A valuation allowance is established against our deferred tax assets to reduce their carrying value to an amount that is more likely than not to be realized. As of December 31, 2024 we recorded a valuation allowance of $50.4 million against our deferred tax assets.
This objective is accomplished currently by making diversified investments, consisting only of money market mutual funds and certificates of deposit. As of December 31, 2023, we had $211.7 million in money market mutual funds.
This objective is accomplished currently by making diversified investments, consisting only of money market mutual funds and certificates of deposit. As of December 31, 2024, we had $40.4 million in money market mutual funds.

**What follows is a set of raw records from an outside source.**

(* Let $C\subset\mathbb{R}^n$ be a pointed, $n$-dimensional closed convex cone and $\Omega=S^{n-1}\cap\operatorname{int}C^{\circ}$. Let $\mu$ be a nonzero, finite Borel measure on $\Omega$, and let $(\omega_i)_{i\in\mathbb{N}}$ be compact subsets of $\Omega$ with $\omega_i\subset\operatorname{int}\omega_{i+1}$ and $\bigcup_i\omega_i=\Omega$. Let $\mu_i(\sigma)=\mu(\sigma\cap\omega_i)$ and, for $f\in C^+(\omega_i)$, $L_{\mu_i}(f)=\gamma^n([f])\exp\int_{\omega_i}\log f\,d\mu_i$, where $[f]$ is the Wulff shape associated with $(C,\omega_i,f)$. Then there exists a constant $a>0$ such that $\sup\{L_{\mu_i}(f):f\in C^+(\omega_i)\}>a$ for every $i\in\mathbb{N}$.
   Context: $C^{\circ}=\{x:\langle x,y\rangle\le 0\ \forall y\in C\}$. $C^+(\omega)$ denotes the set of continuous functions $\omega\to(0,\infty)$. For a positive continuous $h$ on a compact $\omega\subset\Omega$, the Wulff shape is $[h]=C\cap\bigcap_{u\in\omega}\{y:\langle y,u\rangle\le -h(u)\}$. $\gamma^n$ is the standard Gaussian probability measure on $\mathbb{R}^n$. *)

From HB Require Import structures.
From mathcomp Require Import all_boot all_order all_algebra.
From mathcomp Require Import all_classical all_reals all_analysis.
Set Implicit Arguments. Unset Strict Implicit. Unset Printing Implicit Defensive.
Import Order.TTheory GRing.Theory Num.Theory numFieldNormedType.Exports.
Local Open Scope classical_set_scope.
Local Open Scope ring_scope.

Section Defs.
Variable R : realType.

Definition dotv (n : nat) (x y : 'rV[R]_n) : R := \sum_(i < n) x ord0 i * y ord0 i.

Definition sphere (n : nat) : set 'rV[R]_n := [set x | dotv x x = 1].

Definition is_cone (n : nat) (C : set 'rV[R]_n) :=
  C 0 /\ forall (l : R) x, 0 <= l -> C x -> C (l *: x).
Definition is_convex_set (n : nat) (C : set 'rV[R]_n) :=
  forall (t : R) x y, 0 <= t <= 1 -> C x -> C y -> C (t *: x + (1 - t) *: y).
Definition pointed (n : nat) (C : set 'rV[R]_n) :=
  forall x, C x -> C (- x) -> x = 0.
Definition full_dim (n : nat) (C : set 'rV[R]_n) := interior C !=set0.

Definition polar (n : nat) (C : set 'rV[R]_n) : set 'rV[R]_n :=
  [set x | forall y, C y -> dotv x y <= 0].

Definition Omega (n : nat) (C : set 'rV[R]_n) : set 'rV[R]_n :=
  @sphere n `&` interior (polar C).

(* interior of w relative to the ambient set X (here X = Omega) *)
Definition rel_interior (n : nat) (X w : set 'rV[R]_n) : set 'rV[R]_n :=
  [set x | w x /\ exists2 e : R, 0 < e & ball x e `&` X `<=` w].

Definition wulff (n : nat) (C w : set 'rV[R]_n) (h : 'rV[R]_n -> R) : set 'rV[R]_n :=
  C `&` [set y | forall u, w u -> dotv y u <= - h u].

Definition Borel (n : nat) := g_sigma_algebraType (@open 'rV[R]_n).

Definition gdens (t : R) : R := (Num.sqrt (pi *+ 2))^-1 * expR (- (t ^+ 2) / 2).

(* iterated Gaussian integral over R^n of a nonnegative function
   (by Tonelli this is the integral w.r.t. the product measure gamma^n) *)
Fixpoint gauss_int (n : nat) : ('rV[R]_n -> \bar R) -> \bar R :=
  match n return ('rV[R]_n -> \bar R) -> \bar R with
  | 0 => fun f => f 0
  | n'.+1 => fun f =>
      (\int[@lebesgue_measure R]_(t in [set: R])
         ((gdens t)%:E * gauss_int (fun y : 'rV[R]_n' => f (row_mx (\row_(j < 1) t) y))))%E
  end.

Definition gaussian (n : nat) (A : set 'rV[R]_n) : \bar R :=
  gauss_int (fun x => (\1_A x)%:E).

Definition L_mu (n : nat) (C w : set 'rV[R]_n)
    (mu : {measure set (Borel n) -> \bar R}) (f : 'rV[R]_n -> R) : R :=
  fine (gaussian (wulff C w f)) *
  expR (fine (\int[fun A : set (Borel n) => mu (A `&` w)]_(x in (w : set (Borel n))) (ln (f x))%:E)%E).

End Defs.

Arguments L_mu {R n} C w mu f.
Arguments rel_interior {R n} X w.
Arguments wulff {R n} C w h.

(* Take f = 1, so that the logarithmic integral vanishes and L_{mu_i}(1) is the
   Gaussian measure of the Wulff shape [1]. As C has interior points and is a
   cone, it contains a ball B(z, 2). For y in B(z, 1) and a unit vector u of C°
   we have y + u in C, hence <y, u> = <y + u, u> - 1 <= -1: the ball B(z, 1)
   lies in [1] for every i, and its Gaussian measure is the required a. *)
From HB Require Import structures.
From mathcomp Require Import all_boot all_order all_algebra.
From mathcomp Require Import all_classical all_reals all_analysis.
Import Order.TTheory GRing.Theory Num.Theory numFieldNormedType.Exports.
From mathcomp Require Import ring lra.
Local Open Scope classical_set_scope.
Local Open Scope ring_scope.

Section Gaussian.
Context {R : realType}.

(* gauss_int is not known to be measurable, hence monotonicity is proved
   directly from the definition of the integral as a supremum. *)
Lemma ge0_le_integralT d (T : measurableType d) (mu : {measure set T -> \bar R})
    (f g : T -> \bar R) : (forall x, 0 <= f x)%E -> (forall x, f x <= g x)%E ->
  (\int[mu]_x f x <= \int[mu]_x g x)%E.
Proof.
move=> f0 fg; have g0 x : (0 <= g x)%E by exact: le_trans (f0 x) (fg x).
rewrite !ge0_integralTE//; apply: ereal_sup_le => _ [h hf <-].
by exists h => // x; exact: le_trans (hf x) (fg x).
Qed.

Lemma ballRE (x y e : R) : ball x e y <-> `|x - y| < e.
Proof. by rewrite -ball_normE. Qed.

Lemma ballmxE {n} {x y : 'rV[R]_n} {e : R} : 0 < e ->
  ball x e y <-> forall j, `|x ord0 j - y ord0 j| < e.
Proof.
move=> e0; split; first by case=> _ xy j; apply/ballRE; exact: xy.
by move=> xy; split => // i j; rewrite (ord1 i); apply/ballRE; exact: xy.
Qed.

Lemma row_mx_ball n (z : 'rV[R]_(1 + n)) t (y : 'rV[R]_n) e : 0 < e ->
  ball (z ord0 ord0) e t -> ball (rsubmx z) e y ->
  ball z e (row_mx (\row_(j < 1) t) y).
Proof.
move=> e0 /ballRE zt /(ballmxE e0) zy; apply/(ballmxE e0) => j.
rewrite -(splitK j); case: (fintype.split j) => k /=.
  by rewrite row_mxEl mxE (ord1 k) (_ : lshift n ord0 = ord0)//; exact: val_inj.
by rewrite row_mxEr; have := zy k; rewrite mxE.
Qed.

Lemma gdens_gt0 (t : R) : 0 < gdens t.
Proof. by rewrite mulr_gt0 ?expR_gt0// invr_gt0 sqrtr_gt0 mulrn_wgt0 ?pi_gt0. Qed.

Lemma gdens_ge0 (t : R) : 0 <= gdens t.
Proof. exact/ltW/gdens_gt0. Qed.

Lemma ler_gdens (t M : R) : `|t| <= M -> gdens M <= gdens t.
Proof.
move=> tM; rewrite ler_wpM2l ?invr_ge0 ?sqrtr_ge0// ler_expR ler_pM2r ?invr_gt0//.
rewrite lerN2 -(real_normK (num_real t)) ler_sqr//; exact: le_trans tM.
Qed.

Lemma integral_gdens : (\int[@lebesgue_measure R]_(t in [set: R]) (gdens t)%:E = 1)%E.
Proof.
rewrite -(integral_normal_pdf 0 1); apply: eq_integral => t _.
by rewrite /normal_pdf oner_eq0 /normal_peak /normal_fun expr1n mul1r subr0.
Qed.

Lemma gauss_int_ge0 n (f : 'rV[R]_n -> \bar R) : (forall x, 0 <= f x)%E ->
  (0 <= gauss_int f)%E.
Proof.
elim: n f => [|n IH] f f0 /=; first exact: f0.
by apply: integral_ge0 => t _; rewrite mule_ge0 ?lee_fin ?gdens_ge0 ?IH.
Qed.

Lemma gauss_int_le1 n (f : 'rV[R]_n -> \bar R) : (forall x, 0 <= f x <= 1)%E ->
  (gauss_int f <= 1)%E.
Proof.
elim: n f => [|n IH] f f01 /=; first by case/andP: (f01 0).
rewrite -integral_gdens; apply: ge0_le_integralT => t.
  rewrite mule_ge0 ?lee_fin ?gdens_ge0// gauss_int_ge0// => y.
  by case/andP: (f01 (row_mx (\row_(j < 1) t) y)).
by rewrite -[leRHS]mule1 lee_wpmul2l ?lee_fin ?gdens_ge0 ?IH.
Qed.

Lemma integralZ_indic_ball (z0 : R) {e k : R} : 0 <= e -> 0 <= k ->
  ((\int[@lebesgue_measure R]_(t in [set: R]) (k * \1_(ball z0 e) t)%:E) =
    (k * (e *+ 2))%:E)%E.
Proof.
move=> e0 k0; have mB : measurable (ball z0 e).
  by rewrite ball_itv; exact: measurable_itv.
have := @integralZl_indic _ _ _ (@lebesgue_measure R) _ measurableT (fun=> ball z0 e) k.
move=> /= -> //; last by move=> /lt_le_trans/(_ k0); rewrite ltxx.
by rewrite integral_indic// setIT EFinM -(lebesgue_measure_ball z0 e0).
Qed.

(* The Gaussian weight is at least gdens (|z0| + e) on ball z0 e, of length 2e. *)
Lemma integral_gdens_ball_lb (z0 e c : R) (g : R -> \bar R) : 0 < e -> 0 <= c ->
  (forall t, 0 <= g t)%E -> (forall t, ball z0 e t -> c%:E <= g t)%E ->
  ((gdens (`|z0| + e) * c * (e *+ 2))%:E <=
    \int[@lebesgue_measure R]_(t in [set: R]) ((gdens t)%:E * g t))%E.
Proof.
move=> e0 c0 g0 gc; set k := gdens (`|z0| + e) * c.
have k0 : 0 <= k by rewrite mulr_ge0 ?gdens_ge0.
rewrite -(integralZ_indic_ball z0 (ltW e0) k0).
apply: ge0_le_integralT => t; first by rewrite lee_fin mulr_ge0.
rewrite indicE; have [/set_mem zt|_] := boolP (t \in (ball z0 e : set R)); last first.
  by rewrite mulr0 mule_ge0 ?lee_fin ?gdens_ge0.
rewrite mulr1 EFinM lee_pmul ?lee_fin ?gdens_ge0 ?gc// ler_gdens//.
move/ballRE: zt; rewrite distrC => zt.
by rewrite -[t](subrK z0) (le_trans (ler_normD _ _))// addrC lerD2l ltW.
Qed.

Lemma gauss_int_ball_lb {n} (z : 'rV[R]_n) {e} : 0 < e ->
  exists2 c : R, 0 < c & forall f : 'rV[R]_n -> \bar R, (forall x, 0 <= f x)%E ->
    (forall x, ball z e x -> 1 <= f x)%E -> (c%:E <= gauss_int f)%E.
Proof.
move=> e0; elim: n z => [|n IH] z.
  by exists 1 => // f _ f1; apply: f1; rewrite (thinmx0 z); exact: ballxx.
have [c c0 fc] := IH (rsubmx (z : 'rV_(1 + n))).
exists (gdens (`|z ord0 ord0| + e) * c * (e *+ 2)).
  by rewrite mulr_gt0 ?mulrn_wgt0 ?(mulr_gt0 (gdens_gt0 _)).
move=> f f0 f1 /=; apply: integral_gdens_ball_lb (ltW c0) _ _ => // t.
  exact: gauss_int_ge0.
by move=> zt; apply: fc => // y zy; apply: f1; exact: row_mx_ball.
Qed.

Lemma gaussian_ball_lb {n} (z : 'rV[R]_n) {e} : 0 < e ->
  exists2 c : R, 0 < c & forall A, ball z e `<=` A -> c <= fine (gaussian A).
Proof.
move=> /(gauss_int_ball_lb z) [c c0 fc]; exists c => // A zA.
have cA : (c%:E <= gaussian A)%E.
  apply: fc => x; first by rewrite lee_fin indicE ler0n.
  by move=> /zA Ax; rewrite indicE mem_set.
have A1 : (gaussian A <= 1)%E.
  by apply: gauss_int_le1 => x; rewrite indicE !lee_fin ler0n lern1 leq_b1.
have Afin : gaussian A \is a fin_num.
  by rewrite ge0_fin_numE ?(le_lt_trans A1) ?ltey// (le_trans _ cA) ?lee_fin ?ltW.
by rewrite -lee_fin fineK.
Qed.

End Gaussian.

Section Cone.
Context {R : realType} {n : nat}.
Implicit Types (C w : set 'rV[R]_n) (x y u : 'rV[R]_n).

Lemma dotvC x y : dotv x y = dotv y x.
Proof. by apply: eq_bigr => j _; rewrite mulrC. Qed.

Lemma dotvDr u x y : dotv u (x + y) = dotv u x + dotv u y.
Proof. by rewrite /dotv -big_split; apply: eq_bigr => j _; rewrite mxE mulrDr. Qed.

Lemma sphere_coord_le1 {u} j : sphere u -> `|u ord0 j| <= 1.
Proof.
move=> uu; have : u ord0 j * u ord0 j <= 1.
  rewrite -uu /dotv (bigD1 j)//= lerDl; apply: sumr_ge0 => k _.
  by rewrite -expr2 sqr_ge0.
by rewrite ler_norml; nra.
Qed.

Lemma scale_ball y r e x : 0 < r -> 0 < e ->
  ball ((e / r) *: y) e x -> ball y r ((r / e) *: x).
Proof.
move=> r0 e0 /(ballmxE e0) yx; apply/(ballmxE r0) => j; have := yx j.
rewrite !mxE -(ltr_pM2l (divr_gt0 r0 e0)) divfK ?gt_eqF//; apply: le_lt_trans.
have -> : y ord0 j - r / e * x ord0 j = r / e * (e / r * y ord0 j - x ord0 j).
  by field; rewrite !gt_eqF.
by rewrite normrM ger0_norm// divr_ge0 ?ltW.
Qed.

Lemma cone_ball {C e} : is_cone C -> full_dim C -> 0 < e ->
  exists z, ball z e `<=` C.
Proof.
move=> [_ CZ] [y /nbhs_ballP [r r0 yC]] e0; exists ((e / r) *: y) => x zx.
have -> : x = (e / r) *: ((r / e) *: x).
  by rewrite scalerA mulrA divfK ?gt_eqF// divff ?gt_eqF// scale1r.
by apply: CZ; [rewrite divr_ge0 ?ltW | apply: yC; exact: scale_ball].
Qed.

Lemma ball_sub_wulff1 {C w z} : ball z 2 `<=` C -> w `<=` @sphere R n `&` polar C ->
  ball z 1 `<=` wulff C w (fun=> 1).
Proof.
move=> zC wC y zy; split; first by apply: zC; apply: le_ball zy; rewrite ler1n.
move=> u /wC [uu uC]; suff /uC : C (y + u) by rewrite dotvDr uu dotvC; lra.
apply: zC; apply/(ballmxE (ltr0Sn _ 1)) => j.
have /(ballmxE ltr01)/(_ j) := zy; have := sphere_coord_le1 j uu.
by rewrite !mxE ler_norml ltr_norml !ltr_norml => /andP[? ?] /andP[? ?]; lra.
Qed.

Lemma closed_Borel_measurable (A : set 'rV[R]_n) : closed A ->
  measurable (A : set (Borel R n)).
Proof.
move=> cA; rewrite -[A]setCK; apply: measurableC; apply: sub_sigma_algebra.
exact: closed_openC.
Qed.

Lemma L_mu_cst1 C w (mu : {measure set Borel R n -> \bar R}) :
  measurable (w : set (Borel R n)) ->
  L_mu C w mu (fun=> 1) = fine (gaussian (wulff C w (fun=> 1))).
Proof.
move=> mw; rewrite /L_mu ln1.
by rewrite (@integral0_eq _ _ _ (mrestr mu mw))// expR0 mulr1.
Qed.

End Cone.

Theorem lemma7p2 (R : realType) (n : nat) (C : set 'rV[R]_n)
  (C_closed : closed C) (C_convex : is_convex_set C) (C_cone : is_cone C)
  (C_pointed : pointed C) (C_full : full_dim C)
  (mu : {measure set (Borel R n) -> \bar R})
  (mu_fin : (mu setT < +oo)%E) (mu_nz : mu setT <> 0%E)
  (mu_on_Omega : mu (~` (Omega C : set (Borel R n))) = 0%E)
  (w : nat -> set 'rV[R]_n)
  (w_compact : forall i, compact (w i))
  (w_sub : forall i, w i `<=` Omega C)
  (w_incr : forall i, w i `<=` rel_interior (Omega C) (w i.+1))
  (w_cover : \bigcup_i w i = Omega C) :
  exists2 a : R, 0 < a &
    forall i : nat, exists f : 'rV[R]_n -> R,
      [/\ {within w i, continuous f}, (forall u, w i u -> 0 < f u)
        & a < L_mu C (w i) mu f].
Proof.
have [z zC] := cone_ball C_cone C_full (ltr0Sn R 1).
have [c c0 cB] := gaussian_ball_lb z (@ltr01 R).
exists (c / 2); first by rewrite divr_gt0.
move=> i; exists (fun=> 1); split => //.
  by apply: continuous_subspaceT => x; exact: cst_continuous.
have wOmega : w i `<=` @sphere R n `&` polar C.
  by move=> u /w_sub [su /interior_subset pu].
have wi_closed : closed (w i) := compact_closed (@norm_hausdorff _ _) (w_compact i).
rewrite L_mu_cst1; last exact: closed_Borel_measurable.
by have := cB _ (ball_sub_wulff1 zC wOmega); lra.
Qed.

Based on the Company’s balance of money market mutual funds at December 31, 2023, a hypothetical change of 100 basis point could have resulted in a $2.1 million change in interest income.
Based on the Company’s balance of money market mutual funds at December 31, 2024, a hypothetical change of 100 basis points could have resulted in a $1.4 million change in interest income.
Removed
The interest rate associated with our $60 million, 5 year, revolving credit facility remains floating. As of December 31, 2023, we had an outstanding balance of $482.1 million under our Credit Facility.
Added
Foreign Currency Exchange Risk Our customers are generally invoiced in the currency of the country in which they are located.